__Exercise instructions__
In full and without alteration, print the entries that follow.

__Provided data__
(* There are deterministic distributed dynamic data structures for $4$-cycle listing and for $5$-cycle listing which handle edge insertions and deletions in $O(1)$ amortized rounds.
   Context: Highly dynamic network model: a synchronous network on a fixed set $V$ of $n$ nodes with unique identifiers starts as the empty graph; at the beginning of round $i$ the graph is $G_i=(V,E_i)$, obtained from the previous graph by an adversary inserting and/or deleting an arbitrary (unbounded) set of edges. At the start of each round every node is notified only of the insertions/deletions of edges incident to it; then each node may send a message of $O(\log n)$ bits to each of its current neighbors. A distributed dynamic data structure consists of a local part $DS_v$ at each node $v$; at the end of every round, $DS_v$ may be queried and must answer immediately, without any further communication, with $\texttt{true}$, $\texttt{false}$ or $\texttt{inconsistent}$. The amortized round complexity is at most $c$ if for every round $i$, the number of rounds up to round $i$ in which at least one node $v$ has $DS_v$ in an inconsistent state, divided by the total number of topology changes that occurred up to round $i$, is at most $c$. $k$-cycle listing ($k\in\{4,5\}$): in round $i$, $DS_v$ at each node $v$ responds to queries of the form $H=\{v,u_1,\ldots,u_{k-1}\}$ (a cyclically ordered set of $k$ nodes containing $v$) with $\texttt{true}$, $\texttt{false}$ or $\texttt{inconsistent}$, such that if all nodes of $H$ are queried with $H$, then either at least one node responds $\texttt{inconsistent}$, or at least one node responds $\texttt{true}$ if and only if $H$ is a $k$-cycle in $G_{i-1}$. *)

From mathcomp Require Import all_boot.
Set Implicit Arguments. Unset Strict Implicit. Unset Printing Implicit Defensive.

Inductive answer := Ans_true | Ans_false | Ans_incons.

Definition is_incons (a : answer) : bool := if a is Ans_incons then true else false.
Definition is_yes (a : answer) : bool := if a is Ans_true then true else false.

(* Nodes are 'I_n (unique identifiers; n is known to the
   nodes).  The local part DS_v is the (unbounded) local state of type st n.
   In each round a node v
   - is notified of the changes of its incident edges: the finite function
     maps u to [Some b] if the edge vu changed in this round and is now
     present (b = true, insertion) / absent (b = false, deletion), and to
     [None] otherwise  (st_notify);
   - sends a (possibly empty) message st_send ... u to every node u; only
     messages to current neighbours are delivered;
   - updates its state with the messages received from its current
     neighbours, indexed by sender (st_recv);
   - must then answer any query immediately from its local state, without
     communication (st_query). *)
Record dyn_alg : Type := DynAlg {
  st : nat -> Type;
  st_init : forall n, 'I_n -> st n;
  st_notify : forall n, 'I_n -> st n -> {ffun 'I_n -> option bool} -> st n;
  st_send : forall n, 'I_n -> st n -> 'I_n -> option nat;
  st_recv : forall n, 'I_n -> st n -> ('I_n -> option nat) -> st n;
  st_query : forall n, 'I_n -> st n -> seq 'I_n -> answer }.

(* Messages of O(log n) bits: message values are < (n+2)^B for a constant B. *)
Definition small_messages (A : dyn_alg) : Prop :=
  exists B : nat, forall n (v : 'I_n) (s : st A n) (u : 'I_n) (m : nat),
    @st_send A n v s u = Some m -> m < (n.+2) ^ B.

(* A dynamic graph sequence on V = 'I_n: G i is the (simple, undirected)
   graph G_i of round i; G_0 is the empty graph; between consecutive rounds
   the adversary may change an arbitrary set of edges. *)
Definition dyn_graph_seq n (G : nat -> rel 'I_n) : Prop :=
  (forall i u v, G i u v = G i v u) /\
  (forall i v, ~~ G i v v) /\
  (forall u v, ~~ G 0 u v).

Definition changes n (G : nat -> rel 'I_n) (i : nat) (v : 'I_n)
  : {ffun 'I_n -> option bool} :=
  [ffun u => if G i v u != G i.-1 v u then Some (G i v u) else None].

(* Local states of all nodes at the end of round i (round 0 = initial). *)
Fixpoint run (A : dyn_alg) n (G : nat -> rel 'I_n) (i : nat) : forall v : 'I_n, st A n :=
  match i with
  | 0 => @st_init A n
  | j.+1 =>
      let s := run A G j in
      let s' := fun v => @st_notify A n v (s v) (changes G j.+1 v) in
      fun v => @st_recv A n v (s' v)
                 (fun u => if G j.+1 u v then @st_send A n u (s' u) v else None)
  end.

Definition resp (A : dyn_alg) n (G : nat -> rel 'I_n) (i : nat) (v : 'I_n)
  (H : seq 'I_n) : answer := @st_query A n v (run A G i v) H.

(* A query to v: a cyclically ordered set of k distinct nodes containing v. *)
Definition valid_query k n (v : 'I_n) (H : seq 'I_n) : bool :=
  [&& size H == k, uniq H & v \in H].

Definition is_kcycle k n (g : rel 'I_n) (H : seq 'I_n) : Prop :=
  [/\ size H = k, uniq H & cycle g H].

(* k-cycle listing correctness in round i >= 1 (answers w.r.t. G_{i-1}). *)
Definition listing_correct (k : nat) (A : dyn_alg) : Prop :=
  forall n (G : nat -> rel 'I_n), dyn_graph_seq G ->
  forall (i : nat) (H : seq 'I_n), size H = k -> uniq H ->
    (exists2 v, v \in H & is_incons (resp A G i.+1 v H)) \/
    ((exists2 v, v \in H & is_yes (resp A G i.+1 v H)) <-> is_kcycle k (G i) H).

Definition round_inconsistent (A : dyn_alg) k n (G : nat -> rel 'I_n) (i : nat) : bool :=
  [exists v : 'I_n, [exists H : k.-tuple 'I_n,
     valid_query k v H && is_incons (resp A G i v H)]].

Definition nchanges n (G : nat -> rel 'I_n) (i : nat) : nat :=
  #|[set p : 'I_n * 'I_n | (p.1 < p.2)%N && (G i p.1 p.2 != G i.-1 p.1 p.2)]|.

Definition amortized_le (A : dyn_alg) k (c : nat) : Prop :=
  forall n (G : nat -> rel 'I_n), dyn_graph_seq G -> forall i : nat,
    \sum_(1 <= j < i.+1) round_inconsistent A k G j
      <= c * \sum_(1 <= j < i.+1) nchanges G j.

Definition kcycle_listing_O1 (k : nat) : Prop :=
  exists A : dyn_alg,
    [/\ small_messages A, listing_correct k A & exists c : nat, amortized_le A k c].

From HB Require Import structures.
From mathcomp Require Import all_boot zify.
Set Implicit Arguments. Unset Strict Implicit. Unset Printing Implicit Defensive.

(* Every node y keeps, for each neighbour x, a FIFO queue of the changes of
   its own incident edges, and announces one queued change to x per round;
   thus y eventually knows the neighbourhood of each neighbour z, and records
   when it learnt each edge zw.  Besides, y forwards to x, one operation per
   round, the 2-paths y-z-w that it learnt no earlier than the insertion of
   xy, and x mirrors them.  A node answers inconsistent while any of this
   work is pending.

   Listing: if all nodes of a 4- or 5-cycle are consistent, let ab be its
   most recently inserted edge.  The cycle neighbours of a and b learnt ab
   after their own cycle edges were inserted, so they forwarded it, and the
   node opposite to ab sees every edge of the cycle.

   Amortization: the potential max_(y,x) (|queue y->x| + forwarding debt of
   y towards x + 2 sum_z |queue z->y|) grows by at most 8 per topology change
   and, while positive, decreases by one in every round without change; a
   round without change that ends inconsistent has positive potential.
   Hence there are at most 9 inconsistent rounds per topology change. *)

Lemma card_set_sum (T : finType) (P : pred T) : #|[set z | P z]| = \sum_z (P z : nat).
Proof. by rewrite -sum1_card big_mkcond /=; apply: eq_bigr => z _; rewrite inE; case: (P z). Qed.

__Written solution__
(* There are deterministic distributed dynamic data structures for $4$-cycle listing and for $5$-cycle listing which handle edge insertions and deletions in $O(1)$ amortized rounds.
   Context: Highly dynamic network model: a synchronous network on a fixed set $V$ of $n$ nodes with unique identifiers starts as the empty graph; at the beginning of round $i$ the graph is $G_i=(V,E_i)$, obtained from the previous graph by an adversary inserting and/or deleting an arbitrary (unbounded) set of edges. At the start of each round every node is notified only of the insertions/deletions of edges incident to it; then each node may send a message of $O(\log n)$ bits to each of its current neighbors. A distributed dynamic data structure consists of a local part $DS_v$ at each node $v$; at the end of every round, $DS_v$ may be queried and must answer immediately, without any further communication, with $\texttt{true}$, $\texttt{false}$ or $\texttt{inconsistent}$. The amortized round complexity is at most $c$ if for every round $i$, the number of rounds up to round $i$ in which at least one node $v$ has $DS_v$ in an inconsistent state, divided by the total number of topology changes that occurred up to round $i$, is at most $c$. $k$-cycle listing ($k\in\{4,5\}$): in round $i$, $DS_v$ at each node $v$ responds to queries of the form $H=\{v,u_1,\ldots,u_{k-1}\}$ (a cyclically ordered set of $k$ nodes containing $v$) with $\texttt{true}$, $\texttt{false}$ or $\texttt{inconsistent}$, such that if all nodes of $H$ are queried with $H$, then either at least one node responds $\texttt{inconsistent}$, or at least one node responds $\texttt{true}$ if and only if $H$ is a $k$-cycle in $G_{i-1}$. *)

From mathcomp Require Import all_boot.
Set Implicit Arguments. Unset Strict Implicit. Unset Printing Implicit Defensive.

Inductive answer := Ans_true | Ans_false | Ans_incons.

Definition is_incons (a : answer) : bool := if a is Ans_incons then true else false.
Definition is_yes (a : answer) : bool := if a is Ans_true then true else false.

(* Nodes are 'I_n (unique identifiers; n is known to the
   nodes).  The local part DS_v is the (unbounded) local state of type st n.
   In each round a node v
   - is notified of the changes of its incident edges: the finite function
     maps u to [Some b] if the edge vu changed in this round and is now
     present (b = true, insertion) / absent (b = false, deletion), and to
     [None] otherwise  (st_notify);
   - sends a (possibly empty) message st_send ... u to every node u; only
     messages to current neighbours are delivered;
   - updates its state with the messages received from its current
     neighbours, indexed by sender (st_recv);
   - must then answer any query immediately from its local state, without
     communication (st_query). *)
Record dyn_alg : Type := DynAlg {
  st : nat -> Type;
  st_init : forall n, 'I_n -> st n;
  st_notify : forall n, 'I_n -> st n -> {ffun 'I_n -> option bool} -> st n;
  st_send : forall n, 'I_n -> st n -> 'I_n -> option nat;
  st_recv : forall n, 'I_n -> st n -> ('I_n -> option nat) -> st n;
  st_query : forall n, 'I_n -> st n -> seq 'I_n -> answer }.

(* Messages of O(log n) bits: message values are < (n+2)^B for a constant B. *)
Definition small_messages (A : dyn_alg) : Prop :=
  exists B : nat, forall n (v : 'I_n) (s : st A n) (u : 'I_n) (m : nat),
    @st_send A n v s u = Some m -> m < (n.+2) ^ B.

(* A dynamic graph sequence on V = 'I_n: G i is the (simple, undirected)
   graph G_i of round i; G_0 is the empty graph; between consecutive rounds
   the adversary may change an arbitrary set of edges. *)
Definition dyn_graph_seq n (G : nat -> rel 'I_n) : Prop :=
  (forall i u v, G i u v = G i v u) /\
  (forall i v, ~~ G i v v) /\
  (forall u v, ~~ G 0 u v).

Definition changes n (G : nat -> rel 'I_n) (i : nat) (v : 'I_n)
  : {ffun 'I_n -> option bool} :=
  [ffun u => if G i v u != G i.-1 v u then Some (G i v u) else None].

(* Local states of all nodes at the end of round i (round 0 = initial). *)
Fixpoint run (A : dyn_alg) n (G : nat -> rel 'I_n) (i : nat) : forall v : 'I_n, st A n :=
  match i with
  | 0 => @st_init A n
  | j.+1 =>
      let s := run A G j in
      let s' := fun v => @st_notify A n v (s v) (changes G j.+1 v) in
      fun v => @st_recv A n v (s' v)
                 (fun u => if G j.+1 u v then @st_send A n u (s' u) v else None)
  end.

Definition resp (A : dyn_alg) n (G : nat -> rel 'I_n) (i : nat) (v : 'I_n)
  (H : seq 'I_n) : answer := @st_query A n v (run A G i v) H.

(* A query to v: a cyclically ordered set of k distinct nodes containing v. *)
Definition valid_query k n (v : 'I_n) (H : seq 'I_n) : bool :=
  [&& size H == k, uniq H & v \in H].

Definition is_kcycle k n (g : rel 'I_n) (H : seq 'I_n) : Prop :=
  [/\ size H = k, uniq H & cycle g H].

(* k-cycle listing correctness in round i >= 1 (answers w.r.t. G_{i-1}). *)
Definition listing_correct (k : nat) (A : dyn_alg) : Prop :=
  forall n (G : nat -> rel 'I_n), dyn_graph_seq G ->
  forall (i : nat) (H : seq 'I_n), size H = k -> uniq H ->
    (exists2 v, v \in H & is_incons (resp A G i.+1 v H)) \/
    ((exists2 v, v \in H & is_yes (resp A G i.+1 v H)) <-> is_kcycle k (G i) H).

Definition round_inconsistent (A : dyn_alg) k n (G : nat -> rel 'I_n) (i : nat) : bool :=
  [exists v : 'I_n, [exists H : k.-tuple 'I_n,
     valid_query k v H && is_incons (resp A G i v H)]].

Definition nchanges n (G : nat -> rel 'I_n) (i : nat) : nat :=
  #|[set p : 'I_n * 'I_n | (p.1 < p.2)%N && (G i p.1 p.2 != G i.-1 p.1 p.2)]|.

Definition amortized_le (A : dyn_alg) k (c : nat) : Prop :=
  forall n (G : nat -> rel 'I_n), dyn_graph_seq G -> forall i : nat,
    \sum_(1 <= j < i.+1) round_inconsistent A k G j
      <= c * \sum_(1 <= j < i.+1) nchanges G j.

Definition kcycle_listing_O1 (k : nat) : Prop :=
  exists A : dyn_alg,
    [/\ small_messages A, listing_correct k A & exists c : nat, amortized_le A k c].

From HB Require Import structures.
From mathcomp Require Import all_boot zify.
Set Implicit Arguments. Unset Strict Implicit. Unset Printing Implicit Defensive.

(* Every node y keeps, for each neighbour x, a FIFO queue of the changes of
   its own incident edges, and announces one queued change to x per round;
   thus y eventually knows the neighbourhood of each neighbour z, and records
   when it learnt each edge zw.  Besides, y forwards to x, one operation per
   round, the 2-paths y-z-w that it learnt no earlier than the insertion of
   xy, and x mirrors them.  A node answers inconsistent while any of this
   work is pending.

   Listing: if all nodes of a 4- or 5-cycle are consistent, let ab be its
   most recently inserted edge.  The cycle neighbours of a and b learnt ab
   after their own cycle edges were inserted, so they forwarded it, and the
   node opposite to ab sees every edge of the cycle.

   Amortization: the potential max_(y,x) (|queue y->x| + forwarding debt of
   y towards x + 2 sum_z |queue z->y|) grows by at most 8 per topology change
   and, while positive, decreases by one in every round without change; a
   round without change that ends inconsistent has positive potential.
   Hence there are at most 9 inconsistent rounds per topology change. *)

Lemma card_set_sum (T : finType) (P : pred T) : #|[set z | P z]| = \sum_z (P z : nat).
Proof. by rewrite -sum1_card big_mkcond /=; apply: eq_bigr => z _; rewrite inE; case: (P z). Qed.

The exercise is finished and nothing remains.